PROBLEM REQUIREMENTS:
From the listing below, copy only the lines running from the line that contains "Theorem theorem5 (R" to the line that contains "have i_ii : cond_i -> cond_ii.", both included.

INFORMATION PROVIDED:

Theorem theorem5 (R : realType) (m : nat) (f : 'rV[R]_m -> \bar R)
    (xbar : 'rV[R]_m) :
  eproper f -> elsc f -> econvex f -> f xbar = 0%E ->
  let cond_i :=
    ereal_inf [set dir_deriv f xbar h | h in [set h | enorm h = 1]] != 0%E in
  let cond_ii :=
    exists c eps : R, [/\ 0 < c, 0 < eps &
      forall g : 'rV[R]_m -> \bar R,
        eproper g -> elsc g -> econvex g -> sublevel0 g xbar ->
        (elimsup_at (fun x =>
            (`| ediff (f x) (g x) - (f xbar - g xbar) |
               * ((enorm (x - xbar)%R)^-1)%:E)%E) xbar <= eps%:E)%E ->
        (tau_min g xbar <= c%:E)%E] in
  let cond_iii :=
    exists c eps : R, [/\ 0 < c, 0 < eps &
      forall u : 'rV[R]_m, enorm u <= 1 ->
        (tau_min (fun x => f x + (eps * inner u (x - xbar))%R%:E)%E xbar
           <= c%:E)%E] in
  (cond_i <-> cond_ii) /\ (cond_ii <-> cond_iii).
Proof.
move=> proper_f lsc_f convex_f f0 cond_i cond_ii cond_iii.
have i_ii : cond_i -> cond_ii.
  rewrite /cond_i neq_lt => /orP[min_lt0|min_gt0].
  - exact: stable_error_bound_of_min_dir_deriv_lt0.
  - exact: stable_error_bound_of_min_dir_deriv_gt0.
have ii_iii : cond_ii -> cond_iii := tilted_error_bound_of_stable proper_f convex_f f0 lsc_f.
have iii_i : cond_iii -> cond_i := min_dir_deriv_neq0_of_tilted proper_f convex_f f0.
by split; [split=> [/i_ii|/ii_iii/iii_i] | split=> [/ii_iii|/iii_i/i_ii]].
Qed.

* * *

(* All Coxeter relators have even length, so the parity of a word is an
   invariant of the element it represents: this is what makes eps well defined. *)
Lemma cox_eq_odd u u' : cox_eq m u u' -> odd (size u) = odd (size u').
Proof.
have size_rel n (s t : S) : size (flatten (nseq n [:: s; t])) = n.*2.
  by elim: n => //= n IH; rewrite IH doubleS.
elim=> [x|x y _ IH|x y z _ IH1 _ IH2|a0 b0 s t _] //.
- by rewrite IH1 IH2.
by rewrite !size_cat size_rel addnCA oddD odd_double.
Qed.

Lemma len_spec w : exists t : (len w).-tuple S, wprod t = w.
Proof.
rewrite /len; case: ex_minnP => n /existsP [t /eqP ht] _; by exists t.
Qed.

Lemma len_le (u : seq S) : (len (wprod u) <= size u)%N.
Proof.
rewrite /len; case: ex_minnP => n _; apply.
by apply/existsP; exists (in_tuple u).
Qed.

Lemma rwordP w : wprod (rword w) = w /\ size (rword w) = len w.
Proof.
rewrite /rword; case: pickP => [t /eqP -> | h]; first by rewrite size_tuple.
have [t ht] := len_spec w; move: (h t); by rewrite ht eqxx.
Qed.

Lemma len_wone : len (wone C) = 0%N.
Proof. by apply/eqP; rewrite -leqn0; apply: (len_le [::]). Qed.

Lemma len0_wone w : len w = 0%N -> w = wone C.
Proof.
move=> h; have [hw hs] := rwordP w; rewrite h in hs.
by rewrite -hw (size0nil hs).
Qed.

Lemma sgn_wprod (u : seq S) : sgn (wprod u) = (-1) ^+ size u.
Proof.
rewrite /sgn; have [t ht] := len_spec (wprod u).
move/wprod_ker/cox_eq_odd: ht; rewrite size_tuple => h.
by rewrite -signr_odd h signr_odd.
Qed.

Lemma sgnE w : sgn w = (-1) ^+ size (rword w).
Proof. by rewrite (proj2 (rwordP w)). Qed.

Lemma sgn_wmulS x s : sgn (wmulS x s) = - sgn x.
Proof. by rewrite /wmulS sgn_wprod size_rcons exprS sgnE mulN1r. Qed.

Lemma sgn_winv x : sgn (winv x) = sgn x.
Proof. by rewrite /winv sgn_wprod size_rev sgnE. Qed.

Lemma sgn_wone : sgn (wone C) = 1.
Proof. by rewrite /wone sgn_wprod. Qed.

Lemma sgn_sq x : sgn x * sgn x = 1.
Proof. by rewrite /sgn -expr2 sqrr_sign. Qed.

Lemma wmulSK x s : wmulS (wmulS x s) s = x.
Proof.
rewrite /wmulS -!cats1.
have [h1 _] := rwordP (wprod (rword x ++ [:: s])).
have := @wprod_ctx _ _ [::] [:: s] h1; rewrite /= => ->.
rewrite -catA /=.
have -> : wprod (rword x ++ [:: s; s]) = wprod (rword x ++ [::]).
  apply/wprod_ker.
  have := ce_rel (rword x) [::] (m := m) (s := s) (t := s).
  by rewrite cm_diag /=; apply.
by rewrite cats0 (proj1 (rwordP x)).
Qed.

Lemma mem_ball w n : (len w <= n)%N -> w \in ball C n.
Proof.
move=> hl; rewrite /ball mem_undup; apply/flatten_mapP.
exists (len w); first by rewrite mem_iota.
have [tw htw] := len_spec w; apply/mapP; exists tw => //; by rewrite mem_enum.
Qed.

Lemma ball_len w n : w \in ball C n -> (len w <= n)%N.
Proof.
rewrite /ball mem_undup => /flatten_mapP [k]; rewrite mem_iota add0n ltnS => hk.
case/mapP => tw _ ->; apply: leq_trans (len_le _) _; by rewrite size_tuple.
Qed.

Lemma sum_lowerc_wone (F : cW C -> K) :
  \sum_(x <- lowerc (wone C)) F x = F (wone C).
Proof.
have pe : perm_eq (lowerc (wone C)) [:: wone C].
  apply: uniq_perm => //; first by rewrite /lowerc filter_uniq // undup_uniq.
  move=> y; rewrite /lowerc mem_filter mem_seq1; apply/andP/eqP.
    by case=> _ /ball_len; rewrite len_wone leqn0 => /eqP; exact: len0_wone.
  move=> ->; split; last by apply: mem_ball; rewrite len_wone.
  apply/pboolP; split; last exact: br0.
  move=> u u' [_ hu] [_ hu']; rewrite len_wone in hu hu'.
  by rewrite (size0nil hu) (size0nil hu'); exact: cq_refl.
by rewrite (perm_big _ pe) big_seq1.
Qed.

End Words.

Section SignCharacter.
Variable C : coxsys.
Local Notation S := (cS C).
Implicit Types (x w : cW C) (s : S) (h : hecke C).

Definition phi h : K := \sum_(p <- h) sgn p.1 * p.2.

--

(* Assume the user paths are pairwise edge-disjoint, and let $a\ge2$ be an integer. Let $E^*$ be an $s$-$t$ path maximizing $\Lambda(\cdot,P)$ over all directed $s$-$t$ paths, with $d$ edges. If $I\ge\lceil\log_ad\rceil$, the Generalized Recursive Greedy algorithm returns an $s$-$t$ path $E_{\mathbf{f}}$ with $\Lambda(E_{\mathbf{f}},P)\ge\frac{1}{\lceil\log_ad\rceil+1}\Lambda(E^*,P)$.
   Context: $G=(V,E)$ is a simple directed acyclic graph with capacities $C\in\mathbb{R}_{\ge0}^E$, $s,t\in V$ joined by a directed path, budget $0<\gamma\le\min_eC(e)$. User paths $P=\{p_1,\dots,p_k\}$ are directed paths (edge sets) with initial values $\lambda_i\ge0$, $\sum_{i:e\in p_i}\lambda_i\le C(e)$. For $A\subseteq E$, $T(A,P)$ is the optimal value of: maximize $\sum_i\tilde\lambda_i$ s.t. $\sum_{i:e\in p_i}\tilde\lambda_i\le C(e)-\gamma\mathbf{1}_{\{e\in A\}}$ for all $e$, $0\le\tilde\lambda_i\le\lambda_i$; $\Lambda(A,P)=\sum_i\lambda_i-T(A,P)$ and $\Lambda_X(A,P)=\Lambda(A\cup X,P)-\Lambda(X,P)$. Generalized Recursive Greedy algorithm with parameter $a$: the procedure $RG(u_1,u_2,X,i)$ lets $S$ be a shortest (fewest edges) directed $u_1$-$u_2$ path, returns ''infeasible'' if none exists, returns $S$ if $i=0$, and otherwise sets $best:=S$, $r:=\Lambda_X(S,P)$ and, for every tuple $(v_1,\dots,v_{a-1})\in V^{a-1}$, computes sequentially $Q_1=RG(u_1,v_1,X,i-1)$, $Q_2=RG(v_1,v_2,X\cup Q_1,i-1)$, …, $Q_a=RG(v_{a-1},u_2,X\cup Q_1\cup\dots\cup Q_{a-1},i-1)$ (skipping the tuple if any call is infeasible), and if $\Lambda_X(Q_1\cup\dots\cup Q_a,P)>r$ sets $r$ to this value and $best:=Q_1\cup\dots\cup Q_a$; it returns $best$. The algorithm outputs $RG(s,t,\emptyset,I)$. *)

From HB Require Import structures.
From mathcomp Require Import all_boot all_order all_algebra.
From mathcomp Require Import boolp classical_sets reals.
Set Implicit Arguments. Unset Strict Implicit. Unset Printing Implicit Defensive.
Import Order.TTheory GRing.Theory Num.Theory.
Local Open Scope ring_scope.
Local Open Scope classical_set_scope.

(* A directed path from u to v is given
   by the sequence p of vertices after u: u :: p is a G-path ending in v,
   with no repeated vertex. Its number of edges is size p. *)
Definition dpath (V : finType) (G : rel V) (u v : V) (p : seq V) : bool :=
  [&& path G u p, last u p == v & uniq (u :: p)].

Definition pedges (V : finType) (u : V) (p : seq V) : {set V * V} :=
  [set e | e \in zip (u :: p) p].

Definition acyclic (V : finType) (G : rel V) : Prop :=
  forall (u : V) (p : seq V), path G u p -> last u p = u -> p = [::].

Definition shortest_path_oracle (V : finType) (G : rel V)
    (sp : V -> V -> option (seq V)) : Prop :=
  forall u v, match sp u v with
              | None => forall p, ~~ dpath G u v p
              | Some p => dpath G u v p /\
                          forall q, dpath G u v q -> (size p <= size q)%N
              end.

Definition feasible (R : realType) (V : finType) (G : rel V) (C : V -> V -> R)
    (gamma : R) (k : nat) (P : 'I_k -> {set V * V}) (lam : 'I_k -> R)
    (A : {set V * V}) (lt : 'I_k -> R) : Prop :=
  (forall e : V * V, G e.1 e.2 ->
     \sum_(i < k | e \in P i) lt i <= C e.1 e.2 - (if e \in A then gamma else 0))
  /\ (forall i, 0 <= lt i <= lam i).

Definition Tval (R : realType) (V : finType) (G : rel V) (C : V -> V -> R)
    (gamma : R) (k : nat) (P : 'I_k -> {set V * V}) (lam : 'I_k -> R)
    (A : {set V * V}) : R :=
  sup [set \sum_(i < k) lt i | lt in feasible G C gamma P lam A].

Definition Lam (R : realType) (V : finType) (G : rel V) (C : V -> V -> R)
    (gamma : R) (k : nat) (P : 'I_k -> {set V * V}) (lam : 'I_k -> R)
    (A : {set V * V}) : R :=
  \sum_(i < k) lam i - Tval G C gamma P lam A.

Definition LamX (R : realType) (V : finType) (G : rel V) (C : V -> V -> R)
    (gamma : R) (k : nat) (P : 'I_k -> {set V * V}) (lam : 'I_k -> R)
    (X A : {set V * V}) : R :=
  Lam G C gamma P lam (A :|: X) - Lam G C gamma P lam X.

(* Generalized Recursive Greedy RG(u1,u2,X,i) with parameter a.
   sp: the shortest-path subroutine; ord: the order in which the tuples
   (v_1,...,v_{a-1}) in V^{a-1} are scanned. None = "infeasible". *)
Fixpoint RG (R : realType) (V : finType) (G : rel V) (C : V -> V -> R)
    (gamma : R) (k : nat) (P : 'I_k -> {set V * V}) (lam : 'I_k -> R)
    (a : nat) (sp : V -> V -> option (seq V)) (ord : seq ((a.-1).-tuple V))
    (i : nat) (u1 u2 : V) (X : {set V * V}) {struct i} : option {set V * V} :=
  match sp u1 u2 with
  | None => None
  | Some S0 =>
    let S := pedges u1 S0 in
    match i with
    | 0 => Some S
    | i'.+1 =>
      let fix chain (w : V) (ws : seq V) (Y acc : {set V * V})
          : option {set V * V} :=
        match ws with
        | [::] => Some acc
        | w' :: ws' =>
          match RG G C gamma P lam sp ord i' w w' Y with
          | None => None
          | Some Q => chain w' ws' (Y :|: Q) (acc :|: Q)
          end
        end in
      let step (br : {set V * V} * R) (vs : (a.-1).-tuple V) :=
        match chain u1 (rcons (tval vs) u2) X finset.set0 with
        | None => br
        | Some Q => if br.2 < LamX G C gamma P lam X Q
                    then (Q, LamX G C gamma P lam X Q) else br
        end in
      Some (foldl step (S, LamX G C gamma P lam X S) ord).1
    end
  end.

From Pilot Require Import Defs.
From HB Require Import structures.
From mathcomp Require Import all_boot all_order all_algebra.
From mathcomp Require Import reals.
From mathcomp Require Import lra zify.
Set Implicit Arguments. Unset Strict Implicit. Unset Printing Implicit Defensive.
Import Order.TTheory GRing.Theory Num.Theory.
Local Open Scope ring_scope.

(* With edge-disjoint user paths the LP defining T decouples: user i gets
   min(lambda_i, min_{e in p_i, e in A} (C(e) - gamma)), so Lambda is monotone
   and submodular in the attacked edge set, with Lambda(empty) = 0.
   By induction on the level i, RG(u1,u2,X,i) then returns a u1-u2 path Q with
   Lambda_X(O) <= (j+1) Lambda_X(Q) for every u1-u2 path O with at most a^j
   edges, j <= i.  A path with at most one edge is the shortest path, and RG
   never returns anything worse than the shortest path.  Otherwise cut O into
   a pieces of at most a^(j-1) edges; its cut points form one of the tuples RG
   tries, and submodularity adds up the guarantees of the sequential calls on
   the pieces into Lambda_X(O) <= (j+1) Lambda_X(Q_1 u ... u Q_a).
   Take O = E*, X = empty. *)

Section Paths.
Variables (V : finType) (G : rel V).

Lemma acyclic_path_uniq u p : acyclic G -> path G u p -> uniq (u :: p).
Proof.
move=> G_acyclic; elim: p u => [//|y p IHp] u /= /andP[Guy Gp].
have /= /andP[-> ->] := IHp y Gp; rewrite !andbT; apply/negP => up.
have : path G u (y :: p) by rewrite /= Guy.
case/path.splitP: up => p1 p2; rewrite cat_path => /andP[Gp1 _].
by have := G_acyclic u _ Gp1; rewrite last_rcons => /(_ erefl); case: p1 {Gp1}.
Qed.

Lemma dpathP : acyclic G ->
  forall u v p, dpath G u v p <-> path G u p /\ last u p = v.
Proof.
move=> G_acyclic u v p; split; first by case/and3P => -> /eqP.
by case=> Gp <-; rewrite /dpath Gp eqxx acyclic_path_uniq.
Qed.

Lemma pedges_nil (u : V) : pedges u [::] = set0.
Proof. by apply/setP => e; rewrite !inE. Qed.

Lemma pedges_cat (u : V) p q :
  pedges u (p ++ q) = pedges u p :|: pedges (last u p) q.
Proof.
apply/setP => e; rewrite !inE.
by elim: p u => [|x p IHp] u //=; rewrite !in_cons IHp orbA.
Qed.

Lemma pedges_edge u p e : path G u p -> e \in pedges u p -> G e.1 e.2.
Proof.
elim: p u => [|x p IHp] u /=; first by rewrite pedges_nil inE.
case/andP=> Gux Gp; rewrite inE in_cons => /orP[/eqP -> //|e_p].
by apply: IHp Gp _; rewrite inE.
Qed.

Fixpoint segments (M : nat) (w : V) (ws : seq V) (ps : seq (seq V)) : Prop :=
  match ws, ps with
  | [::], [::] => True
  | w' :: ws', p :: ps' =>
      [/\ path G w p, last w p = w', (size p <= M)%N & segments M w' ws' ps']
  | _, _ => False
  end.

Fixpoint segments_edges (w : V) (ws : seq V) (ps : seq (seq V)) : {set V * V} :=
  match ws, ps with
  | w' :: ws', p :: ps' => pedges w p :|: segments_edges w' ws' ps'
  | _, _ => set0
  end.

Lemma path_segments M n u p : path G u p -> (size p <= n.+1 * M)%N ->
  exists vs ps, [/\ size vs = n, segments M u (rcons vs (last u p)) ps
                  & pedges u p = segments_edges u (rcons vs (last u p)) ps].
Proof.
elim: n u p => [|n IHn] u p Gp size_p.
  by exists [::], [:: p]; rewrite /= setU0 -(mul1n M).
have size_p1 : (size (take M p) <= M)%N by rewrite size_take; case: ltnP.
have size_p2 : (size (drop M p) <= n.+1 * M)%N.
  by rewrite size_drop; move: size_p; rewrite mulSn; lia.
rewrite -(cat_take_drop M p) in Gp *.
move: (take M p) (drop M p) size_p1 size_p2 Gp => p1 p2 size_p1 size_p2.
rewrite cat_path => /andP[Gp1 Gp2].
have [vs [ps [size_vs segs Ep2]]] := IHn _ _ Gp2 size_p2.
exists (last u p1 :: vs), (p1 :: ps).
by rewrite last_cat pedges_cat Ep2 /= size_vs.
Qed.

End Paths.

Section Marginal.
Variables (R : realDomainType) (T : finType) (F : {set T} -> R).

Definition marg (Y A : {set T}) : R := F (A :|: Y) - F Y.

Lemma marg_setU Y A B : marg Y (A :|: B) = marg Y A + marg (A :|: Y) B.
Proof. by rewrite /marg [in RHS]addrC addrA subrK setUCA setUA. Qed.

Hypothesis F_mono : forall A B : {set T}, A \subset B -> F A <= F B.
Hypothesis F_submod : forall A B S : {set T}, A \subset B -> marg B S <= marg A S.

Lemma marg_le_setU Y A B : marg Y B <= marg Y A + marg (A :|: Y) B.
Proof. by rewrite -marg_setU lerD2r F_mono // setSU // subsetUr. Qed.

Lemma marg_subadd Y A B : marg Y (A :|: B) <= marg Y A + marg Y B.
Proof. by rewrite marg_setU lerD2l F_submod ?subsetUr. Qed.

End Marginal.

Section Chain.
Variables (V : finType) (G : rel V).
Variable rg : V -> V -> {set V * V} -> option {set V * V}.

RESULT:
Theorem theorem5 (R : realType) (m : nat) (f : 'rV[R]_m -> \bar R)
    (xbar : 'rV[R]_m) :
  eproper f -> elsc f -> econvex f -> f xbar = 0%E ->
  let cond_i :=
    ereal_inf [set dir_deriv f xbar h | h in [set h | enorm h = 1]] != 0%E in
  let cond_ii :=
    exists c eps : R, [/\ 0 < c, 0 < eps &
      forall g : 'rV[R]_m -> \bar R,
        eproper g -> elsc g -> econvex g -> sublevel0 g xbar ->
        (elimsup_at (fun x =>
            (`| ediff (f x) (g x) - (f xbar - g xbar) |
               * ((enorm (x - xbar)%R)^-1)%:E)%E) xbar <= eps%:E)%E ->
        (tau_min g xbar <= c%:E)%E] in
  let cond_iii :=
    exists c eps : R, [/\ 0 < c, 0 < eps &
      forall u : 'rV[R]_m, enorm u <= 1 ->
        (tau_min (fun x => f x + (eps * inner u (x - xbar))%R%:E)%E xbar
           <= c%:E)%E] in
  (cond_i <-> cond_ii) /\ (cond_ii <-> cond_iii).
Proof.
move=> proper_f lsc_f convex_f f0 cond_i cond_ii cond_iii.
have i_ii : cond_i -> cond_ii.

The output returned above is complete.